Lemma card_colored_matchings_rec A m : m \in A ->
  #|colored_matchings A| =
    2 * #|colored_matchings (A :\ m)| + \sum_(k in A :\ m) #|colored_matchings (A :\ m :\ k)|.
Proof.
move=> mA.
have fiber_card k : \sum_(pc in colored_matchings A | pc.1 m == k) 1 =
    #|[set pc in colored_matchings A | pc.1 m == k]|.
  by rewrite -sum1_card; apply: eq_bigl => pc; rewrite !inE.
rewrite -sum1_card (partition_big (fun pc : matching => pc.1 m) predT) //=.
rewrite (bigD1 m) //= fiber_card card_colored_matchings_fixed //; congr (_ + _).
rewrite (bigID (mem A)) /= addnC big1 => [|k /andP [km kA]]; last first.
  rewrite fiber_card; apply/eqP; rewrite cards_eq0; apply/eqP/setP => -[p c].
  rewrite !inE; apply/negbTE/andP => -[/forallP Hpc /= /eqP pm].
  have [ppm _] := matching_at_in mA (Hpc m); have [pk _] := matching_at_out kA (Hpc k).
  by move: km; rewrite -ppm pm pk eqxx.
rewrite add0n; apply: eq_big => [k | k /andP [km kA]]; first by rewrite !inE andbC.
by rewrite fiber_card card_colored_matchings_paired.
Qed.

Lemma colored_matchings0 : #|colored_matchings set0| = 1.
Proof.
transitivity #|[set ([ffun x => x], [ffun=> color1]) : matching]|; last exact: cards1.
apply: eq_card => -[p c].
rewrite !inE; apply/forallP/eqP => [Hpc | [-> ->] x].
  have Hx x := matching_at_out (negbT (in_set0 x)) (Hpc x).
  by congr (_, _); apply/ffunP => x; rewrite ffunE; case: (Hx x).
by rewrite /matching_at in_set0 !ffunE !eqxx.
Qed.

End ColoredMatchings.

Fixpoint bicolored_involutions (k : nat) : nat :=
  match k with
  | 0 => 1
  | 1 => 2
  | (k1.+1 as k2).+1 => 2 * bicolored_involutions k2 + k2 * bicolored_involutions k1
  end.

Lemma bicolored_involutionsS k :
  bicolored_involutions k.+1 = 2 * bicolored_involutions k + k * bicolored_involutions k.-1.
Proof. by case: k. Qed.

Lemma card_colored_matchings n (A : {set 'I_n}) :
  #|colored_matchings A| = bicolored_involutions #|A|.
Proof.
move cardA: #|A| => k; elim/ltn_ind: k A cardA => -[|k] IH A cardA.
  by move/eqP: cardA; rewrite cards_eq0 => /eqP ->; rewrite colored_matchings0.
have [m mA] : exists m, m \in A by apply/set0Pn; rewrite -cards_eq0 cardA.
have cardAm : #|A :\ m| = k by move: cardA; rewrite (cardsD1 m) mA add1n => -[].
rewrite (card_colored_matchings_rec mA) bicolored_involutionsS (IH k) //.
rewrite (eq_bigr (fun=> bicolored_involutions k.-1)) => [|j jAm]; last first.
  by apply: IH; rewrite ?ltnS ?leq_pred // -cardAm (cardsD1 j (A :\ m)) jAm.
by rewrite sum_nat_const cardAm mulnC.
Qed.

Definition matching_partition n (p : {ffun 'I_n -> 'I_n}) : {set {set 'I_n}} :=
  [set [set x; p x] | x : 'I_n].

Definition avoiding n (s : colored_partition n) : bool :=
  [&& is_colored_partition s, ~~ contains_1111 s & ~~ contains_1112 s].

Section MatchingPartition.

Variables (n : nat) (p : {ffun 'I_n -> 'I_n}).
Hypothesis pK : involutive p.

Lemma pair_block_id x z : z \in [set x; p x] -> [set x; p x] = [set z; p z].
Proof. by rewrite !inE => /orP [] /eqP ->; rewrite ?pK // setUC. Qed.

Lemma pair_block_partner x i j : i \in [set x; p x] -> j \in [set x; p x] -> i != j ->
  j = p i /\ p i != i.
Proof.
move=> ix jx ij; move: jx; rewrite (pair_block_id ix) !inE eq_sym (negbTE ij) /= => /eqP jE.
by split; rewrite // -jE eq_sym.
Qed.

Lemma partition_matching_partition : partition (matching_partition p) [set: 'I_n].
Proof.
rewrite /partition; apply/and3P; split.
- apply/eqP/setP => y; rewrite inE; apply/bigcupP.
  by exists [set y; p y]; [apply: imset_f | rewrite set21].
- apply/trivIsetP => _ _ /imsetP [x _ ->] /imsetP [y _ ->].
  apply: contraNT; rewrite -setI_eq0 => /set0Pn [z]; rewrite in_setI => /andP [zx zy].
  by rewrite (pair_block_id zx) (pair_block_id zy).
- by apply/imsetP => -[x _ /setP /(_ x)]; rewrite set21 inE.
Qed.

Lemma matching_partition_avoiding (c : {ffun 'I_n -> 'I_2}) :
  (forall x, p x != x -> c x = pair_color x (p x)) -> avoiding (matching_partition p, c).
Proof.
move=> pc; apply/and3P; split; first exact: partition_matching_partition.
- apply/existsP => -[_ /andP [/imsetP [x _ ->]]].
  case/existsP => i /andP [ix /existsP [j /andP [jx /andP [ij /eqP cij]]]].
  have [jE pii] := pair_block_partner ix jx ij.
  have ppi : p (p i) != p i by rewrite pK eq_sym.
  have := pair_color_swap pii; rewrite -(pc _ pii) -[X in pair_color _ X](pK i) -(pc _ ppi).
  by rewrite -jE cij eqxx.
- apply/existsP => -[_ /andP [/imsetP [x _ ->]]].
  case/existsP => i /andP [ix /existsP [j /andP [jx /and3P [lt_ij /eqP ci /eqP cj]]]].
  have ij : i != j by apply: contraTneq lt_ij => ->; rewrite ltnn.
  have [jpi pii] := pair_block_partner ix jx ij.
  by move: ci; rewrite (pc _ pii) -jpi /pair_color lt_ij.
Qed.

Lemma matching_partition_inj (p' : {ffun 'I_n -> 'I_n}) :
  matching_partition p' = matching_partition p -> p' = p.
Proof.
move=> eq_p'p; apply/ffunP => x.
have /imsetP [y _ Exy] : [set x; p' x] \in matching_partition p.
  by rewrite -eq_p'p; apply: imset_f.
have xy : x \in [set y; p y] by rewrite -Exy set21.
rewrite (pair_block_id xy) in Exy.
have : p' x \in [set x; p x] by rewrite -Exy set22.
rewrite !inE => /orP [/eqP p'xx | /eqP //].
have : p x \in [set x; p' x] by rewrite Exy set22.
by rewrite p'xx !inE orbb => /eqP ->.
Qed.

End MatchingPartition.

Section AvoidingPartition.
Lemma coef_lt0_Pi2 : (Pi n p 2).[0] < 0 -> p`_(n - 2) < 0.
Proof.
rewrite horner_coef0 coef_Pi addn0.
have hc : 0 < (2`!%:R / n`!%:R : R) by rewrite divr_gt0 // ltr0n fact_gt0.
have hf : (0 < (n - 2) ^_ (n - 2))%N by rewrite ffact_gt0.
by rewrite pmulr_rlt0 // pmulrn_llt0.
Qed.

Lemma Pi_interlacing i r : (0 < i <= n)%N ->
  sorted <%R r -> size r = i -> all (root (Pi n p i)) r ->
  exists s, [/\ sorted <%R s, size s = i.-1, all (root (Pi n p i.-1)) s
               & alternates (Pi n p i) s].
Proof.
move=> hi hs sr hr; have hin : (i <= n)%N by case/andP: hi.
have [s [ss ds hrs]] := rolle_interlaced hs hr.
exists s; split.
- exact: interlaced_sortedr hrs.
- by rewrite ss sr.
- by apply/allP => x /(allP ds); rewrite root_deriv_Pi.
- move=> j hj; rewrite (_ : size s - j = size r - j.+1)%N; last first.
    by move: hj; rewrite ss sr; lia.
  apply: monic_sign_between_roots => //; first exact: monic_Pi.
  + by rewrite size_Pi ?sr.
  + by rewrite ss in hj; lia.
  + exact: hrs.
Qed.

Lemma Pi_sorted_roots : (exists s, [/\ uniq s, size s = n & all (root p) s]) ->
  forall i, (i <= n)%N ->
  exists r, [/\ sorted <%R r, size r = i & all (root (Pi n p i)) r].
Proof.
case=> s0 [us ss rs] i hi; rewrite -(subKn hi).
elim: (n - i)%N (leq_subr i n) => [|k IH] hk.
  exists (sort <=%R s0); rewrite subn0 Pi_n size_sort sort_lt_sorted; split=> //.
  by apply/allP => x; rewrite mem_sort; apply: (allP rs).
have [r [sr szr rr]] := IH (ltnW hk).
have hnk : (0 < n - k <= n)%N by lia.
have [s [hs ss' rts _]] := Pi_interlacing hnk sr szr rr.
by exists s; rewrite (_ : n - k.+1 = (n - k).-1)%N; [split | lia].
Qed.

PROBLEM REQUIREMENTS ▸ Could you output the lines above, exactly as written, from the one containing "have /imsetP [y" through the last, with both ends included and no others?

TASK SOLUTION ▸
have /imsetP [y _ Exy] : [set x; p' x] \in matching_partition p.
  by rewrite -eq_p'p; apply: imset_f.
have xy : x \in [set y; p y] by rewrite -Exy set21.
rewrite (pair_block_id xy) in Exy.
have : p' x \in [set x; p x] by rewrite -Exy set22.
rewrite !inE => /orP [/eqP p'xx | /eqP //].
have : p x \in [set x; p' x] by rewrite Exy set22.
by rewrite p'xx !inE orbb => /eqP ->.
Qed.

End MatchingPartition.

Section AvoidingPartition.
Lemma coef_lt0_Pi2 : (Pi n p 2).[0] < 0 -> p`_(n - 2) < 0.
Proof.
rewrite horner_coef0 coef_Pi addn0.
have hc : 0 < (2`!%:R / n`!%:R : R) by rewrite divr_gt0 // ltr0n fact_gt0.
have hf : (0 < (n - 2) ^_ (n - 2))%N by rewrite ffact_gt0.
by rewrite pmulr_rlt0 // pmulrn_llt0.
Qed.

Lemma Pi_interlacing i r : (0 < i <= n)%N ->
  sorted <%R r -> size r = i -> all (root (Pi n p i)) r ->
  exists s, [/\ sorted <%R s, size s = i.-1, all (root (Pi n p i.-1)) s
               & alternates (Pi n p i) s].
Proof.
move=> hi hs sr hr; have hin : (i <= n)%N by case/andP: hi.
have [s [ss ds hrs]] := rolle_interlaced hs hr.
exists s; split.
- exact: interlaced_sortedr hrs.
- by rewrite ss sr.
- by apply/allP => x /(allP ds); rewrite root_deriv_Pi.
- move=> j hj; rewrite (_ : size s - j = size r - j.+1)%N; last first.
    by move: hj; rewrite ss sr; lia.
  apply: monic_sign_between_roots => //; first exact: monic_Pi.
  + by rewrite size_Pi ?sr.
  + by rewrite ss in hj; lia.
  + exact: hrs.
Qed.

Lemma Pi_sorted_roots : (exists s, [/\ uniq s, size s = n & all (root p) s]) ->
  forall i, (i <= n)%N ->
  exists r, [/\ sorted <%R r, size r = i & all (root (Pi n p i)) r].
Proof.
case=> s0 [us ss rs] i hi; rewrite -(subKn hi).
elim: (n - i)%N (leq_subr i n) => [|k IH] hk.
  exists (sort <=%R s0); rewrite subn0 Pi_n size_sort sort_lt_sorted; split=> //.
  by apply/allP => x; rewrite mem_sort; apply: (allP rs).
have [r [sr szr rr]] := IH (ltnW hk).
have hnk : (0 < n - k <= n)%N by lia.
have [s [hs ss' rts _]] := Pi_interlacing hnk sr szr rr.
by exists s; rewrite (_ : n - k.+1 = (n - k).-1)%N; [split | lia].
Qed.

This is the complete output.